Koşullar ne kadar çetin olursa olsun, belediye ne kadar büyük borçla devralınırsa alınsın,
Kendi partisinden ya da rakip partiden ne kadar defans görürse görsün,
Bir belediye başkanı kendisini ancak yaptığı hizmetlerle ve özellikle de yatırımlarla halka anlatabilir.
Ancak maalesef, belediyelerin kötü yönetilmeleri sonucunda, yeni gelen başkanlar devasa bir enkazı devralıyor ve uzun yıllar bu sorunun altından nasıl kalkacağını bilemiyorlar.
Yeni gelen başkanlar, işi sıkı tutmak, tasarrufa yönelmek, işletmecilik kurallarına dönmek istediklerinde ise başka engellerle karşılaşıyorlar.
Örneğin; belediyeleri kolay kazanç kapısı haline getirmiş, siyasetten referanslı kişiler veya firmalar…
Matematiksel olarak ya da işletme mantığı ile baktığınızda hiçbir geçerliliği olmayan ihaleler, taşeronlar, hizmet tedarikleri, doğrudan teminler vesair…

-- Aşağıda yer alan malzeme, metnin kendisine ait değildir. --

(* Let $s,t$ be real numbers. For every integer $n\geq 3$, $$\det W_n = (-1)^{n-1}\Big( s^{n-1}t + \Big\lfloor \frac{n}{2}\Big\rfloor\Big\lfloor\frac{n-1}{2}\Big\rfloor s^{n-3}t^3\Big).$$
   Context: All matrices below are $n\times n$ upper Hessenberg with subdiagonal entries $a_{i+1,i}=s$ and $a_{ij}=0$ for $i>j+1$; only the entries $a_{ij}$ with $i\le j$ are specified. For $n = 2k+1$ ($k\ge 1$), $W_n$ has: $a_{1j}=t$ for $1\le j\le k$, $a_{1j}=0$ for $k+1\le j\le 2k$, $a_{1n}=t$; for $2\le i\le k+1$: $a_{ij}=0$ for $i\le j\le k$, $a_{ij}=t$ for $k+1\le j\le 2k$, $a_{in}=0$; for $k+2\le i\le n$: $a_{ij}=0$ for $i\le j\le 2k$, $a_{in}=t$. For $n=2k+2$ ($k\ge 0$), $W_n$ has: $a_{1j}=t$ for $1\le j\le k$, $a_{1j}=0$ for $k+1\le j\le 2k+1$, $a_{1n}=t$; for $2\le i\le k+1$: $a_{ij}=0$ for $i\le j\le k$, $a_{ij}=t$ for $k+1\le j\le 2k+1$, $a_{in}=0$; for $k+2\le i\le n$: $a_{ij}=0$ for $i\le j\le 2k+1$, $a_{in}=t$. *)

From HB Require Import structures.
From mathcomp Require Import all_boot all_order all_algebra.
From mathcomp Require Import reals.
Set Implicit Arguments. Unset Strict Implicit. Unset Printing Implicit Defensive.
Import Order.TTheory GRing.Theory Num.Theory.
Local Open Scope ring_scope.

(* Entry (i', j') of W_n, with 1-based indices i' j' in 1..n.
   kk = floor((n-1)/2): for n = 2k+1 this is k, for n = 2k+2 it is k. *)
Definition W_entry (R : nzRingType) (s t : R) (n i' j' : nat) : R :=
  let kk := (n.-1)./2 in
  if i' == j'.+1 then s
  else if (j' < i')%N then 0
  else if i' == 1%N then (if (j' <= kk)%N || (j' == n) then t else 0)
  else if (i' <= kk.+1)%N then (if (kk.+1 <= j')%N && (j' <= n.-1)%N then t else 0)
  else (if j' == n then t else 0).

Definition W (R : nzRingType) (s t : R) (n : nat) : 'M[R]_n :=
  \matrix_(i < n, j < n) W_entry s t n i.+1 j.+1.

From HB Require Import structures.
From mathcomp Require Import all_boot all_order all_algebra.
From mathcomp Require Import reals.
From mathcomp Require Import zify ring.

Import Order.TTheory GRing.Theory Num.Theory.
Set Implicit Arguments.
Unset Strict Implicit.
Local Open Scope ring_scope.

(* For an upper Hessenberg matrix with constant subdiagonal s, expanding the
   leading principal minor D_(k+1) along its last column gives
   D_(k+1) = sum_(i <= k) (-s)^(k-i) a_(i,k) D_i.  With m = floor((n-1)/2), the
   columns j < m of W_n carry t only in row 0, so D_(j+1) = (-s)^j t; the
   middle columns carry t exactly in rows 1..m, so D_(j+1) = m (-s)^(j-1) t^2;
   the last column carries t in row 0 and in the floor(n/2) rows below m,
   whence det W_n = (-s)^(n-1) t + floor(n/2) m (-s)^(n-3) t^3. *)

Lemma sum_nat_split3 (V : nmodType) (F : nat -> V) (m k : nat) : (m <= k)%N ->
  \sum_(0 <= i < k.+1) F i =
    F 0%N + \sum_(1 <= i < m.+1) F i + \sum_(m.+1 <= i < k.+1) F i.
Proof. by move=> le_mk; rewrite big_ltn // -addrA -big_cat_nat. Qed.

Lemma sumr_const_nat_in (V : nmodType) (c : V) (F : nat -> V) (m k : nat) :
  (forall i, (m <= i < k)%N -> F i = c) -> \sum_(m <= i < k) F i = c *+ (k - m).
Proof. by move=> Fc; rewrite -sumr_const_nat; apply: eq_big_nat. Qed.

Section HessenbergMinors.
Variables (R : comNzRingType) (s : R) (a : nat -> nat -> R).
Hypothesis a_subdiag : forall q, a q.+1 q = s.
Hypothesis a_below_subdiag : forall p q, (q.+1 < p)%N -> a p q = 0.

Definition principal_mx k : 'M[R]_k := \matrix_(i < k, j < k) a i j.

Lemma det_principal_mx_drop_row i k : (i <= k)%N ->
  \det (\matrix_(p < k, q < k) a (bump i p) q) = s ^+ (k - i) * \det (principal_mx i).
Proof.
(* Below row i the rows of the minor are subdiagonal rows: expanding along the
   last one, whose only nonzero entry is s, peels off one factor s. *)
elim: k => [|k IHk] le_ik.
  by move: le_ik; rewrite leqn0 => /eqP ->; rewrite !det_mx00 expr0 mul1r.
case: (ltngtP i k.+1) le_ik => // [lt_ik|->] _; last first.
  rewrite subnn expr0 mul1r; congr (\det _); apply/matrixP => p q.
  by rewrite !mxE /bump leqNgt (ltn_ord p).
have bump_max : bump i k = k.+1 by rewrite /bump -ltnS lt_ik.
rewrite (expand_det_row _ ord_max) big_ord_recr /= big1 ?add0r; last first.
  by move=> j _; rewrite !mxE bump_max a_below_subdiag ?mul0r //= ltnS.
rewrite !mxE bump_max a_subdiag /cofactor addnn -signr_odd odd_double expr0 mul1r.
rewrite (_ : \det (row' _ _) = \det (\matrix_(p < k, q < k) a (bump i p) q)).
  by rewrite IHk // subSn // exprS mulrA.
by congr (\det _); apply/matrixP => p q; rewrite !mxE !lift_max.
Qed.

Lemma det_principal_mxS k : \det (principal_mx k.+1) =
  \sum_(0 <= i < k.+1) (-s) ^+ (k - i) * a i k * \det (principal_mx i).
Proof.
rewrite big_mkord (expand_det_col _ ord_max); apply: eq_bigr => i _.
have le_ik : (i <= k)%N by rewrite -ltnS.
rewrite /cofactor (_ : \det (row' _ _) = \det (\matrix_(p < k, q < k) a (bump i p) q)); last first.
  by congr (\det _); apply/matrixP => p q; rewrite !mxE lift_max.
rewrite det_principal_mx_drop_row // mxE /=.
have -> : (-1) ^+ (i + k) = (-1) ^+ (k - i) :> R.
  by rewrite -signr_odd -[RHS]signr_odd oddD oddB // addbC.
rewrite -[- s]mulN1r exprMn; ring.
Qed.

End HessenbergMinors.

Section DetW.
Variables (R : comNzRingType) (s t : R) (n : nat).
Hypothesis n_ge3 : (3 <= n)%N.

Local Notation m := (n.-1)./2.
Let a i j := W_entry s t n i.+1 j.+1.

Ltac W_entry_cases :=
  rewrite /a /W_entry; repeat (case: ifP => /= ?); done || lia.

Lemma W_subdiag q : a q.+1 q = s.
Proof. by rewrite /a /W_entry eqxx. Qed.

Lemma W_below_subdiag p q : (q.+1 < p)%N -> a p q = 0.
Proof. move=> ?; W_entry_cases. Qed.

Lemma W_left_col i j : (i <= j)%N -> (j < m)%N -> a i j = if i == 0%N then t else 0.
Proof. move=> ? ?; W_entry_cases. Qed.

Lemma W_middle_col i j : (i <= j)%N -> (m <= j < n.-1)%N ->
  a i j = if (1 <= i <= m)%N then t else 0.
Proof. move=> ? ?; W_entry_cases. Qed.

Lemma W_last_col i : (i <= n.-1)%N -> a i n.-1 = if (1 <= i <= m)%N then 0 else t.
Proof. move=> ?; W_entry_cases. Qed.

Lemma det_W_principal_left k : (k < m)%N -> \det (principal_mx a k.+1) = (-s) ^+ k * t.
Proof.
move=> lt_km; rewrite (det_principal_mxS W_subdiag W_below_subdiag) big_ltn //.
rewrite (sumr_const_nat_in (c := 0)); last first.
  by move=> i /andP[? ?]; rewrite W_left_col ?ifN ?mulr0 ?mul0r //; lia.
by rewrite W_left_col //= subn0 det_mx00 mul0rn addr0 mulr1.
Qed.

Lemma det_W_principal_middle k : (m <= k < n.-1)%N ->
  \det (principal_mx a k.+1) = m%:R * (-s) ^+ k.-1 * t ^+ 2.
Proof.
move=> k_range; have /andP[le_mk _] := k_range.
rewrite (det_principal_mxS W_subdiag W_below_subdiag) (sum_nat_split3 _ le_mk).
rewrite (sumr_const_nat_in (m := 1) (c := ((-s) ^+ k.-1 * t ^+ 2))); last first.
  move=> [|i] // /andP[_ lt_im]; rewrite W_middle_col ?ifT ?det_W_principal_left; try lia.
  by rewrite (_ : k.-1 = k - i.+1 + i)%N ?exprD; [ring | lia].
rewrite (sumr_const_nat_in (m := m.+1) (c := 0)); last first.
  by move=> i /andP[? ?]; rewrite W_middle_col ?ifF ?mulr0 ?mul0r //; lia.
by rewrite W_middle_col //= subn1; ring.
Qed.

Lemma det_W : \det (W s t n) =
  (-s) ^+ n.-1 * t + ((n./2 * m)%N)%:R * (-s) ^+ (n - 3) * t ^+ 3.
Proof.
have n_eq : n = n.-1.+1 by lia.
have le_mn : (m <= n.-1)%N by lia.
rewrite (_ : \det (W s t n) = \det (principal_mx a n.-1.+1)); last by rewrite -n_eq.
rewrite (det_principal_mxS W_subdiag W_below_subdiag) (sum_nat_split3 _ le_mn).
rewrite (sumr_const_nat_in (m := 1) (c := 0)); last first.
  by move=> i /andP[? ?]; rewrite W_last_col ?ifT ?mulr0 ?mul0r //; lia.
rewrite (sumr_const_nat_in (m := m.+1) (c := (m%:R * (-s) ^+ (n - 3) * t ^+ 3))); last first.
  move=> [|i] // /andP[lt_mi lt_in].
  rewrite W_last_col ?ifF ?det_W_principal_middle; try lia.
  by rewrite (_ : n - 3 = n.-1 - i.+1 + i.-1)%N ?exprD; [ring | lia].
rewrite W_last_col //= subn0 det_mx00 mulr1 mul0rn addr0 -n_eq.
by rewrite (_ : n - m.+1 = n./2)%N; [ring | lia].
Qed.

End DetW.

Theorem proposition5p5 (R : realType) (s t : R) (n : nat) :
  (3 <= n)%N ->
  \det (W s t n) =
    (-1) ^+ (n.-1) *
    (s ^+ (n.-1) * t + ((n./2 * (n.-1)./2)%N)%:R * s ^+ (n - 3) * t ^+ 3).
Proof.
move=> n_ge3; rewrite det_W //.
have sign_shift : (-1) ^+ (n - 3) = (-1) ^+ n.-1 :> R.
  by rewrite [in RHS](_ : n.-1 = n - 3 + 2)%N ?exprD ?sqrrN ?expr1n ?mulr1 //; lia.
rewrite -[- s]mulN1r !exprMn sign_shift; ring.
Qed.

Ve elbette her yeni döneme omuz veren siyasilerin ve lobilerin yeni başkanlardan talepleri hemen sıraya giriveriyor.
Bütün bu zor koşullara bir de önceki dönem başkanların şişirdiği belediye kadroları dahil olunca, sihirli değneğin dahi iş göremeyeceği kadar girift ilişkilere boğulmuş, fiilen iflas bayrağını çekmiş tonla belediye karşımıza dikiliveriyor.
Ancak bütün bu zorluklara karşın, önceki başkanın uyguladığı yöntemlere sığınmak, bir başkanın yapabileceği en kötü tercihtir. Her şeye rağmen, bir başkan kendi siyasi geleceğini ve kendisine güvenerek oy veren halkı düşünüyorsa, ameliyat bıçağını eline alıp cerrahi müdahaleye girişmek zorundadır.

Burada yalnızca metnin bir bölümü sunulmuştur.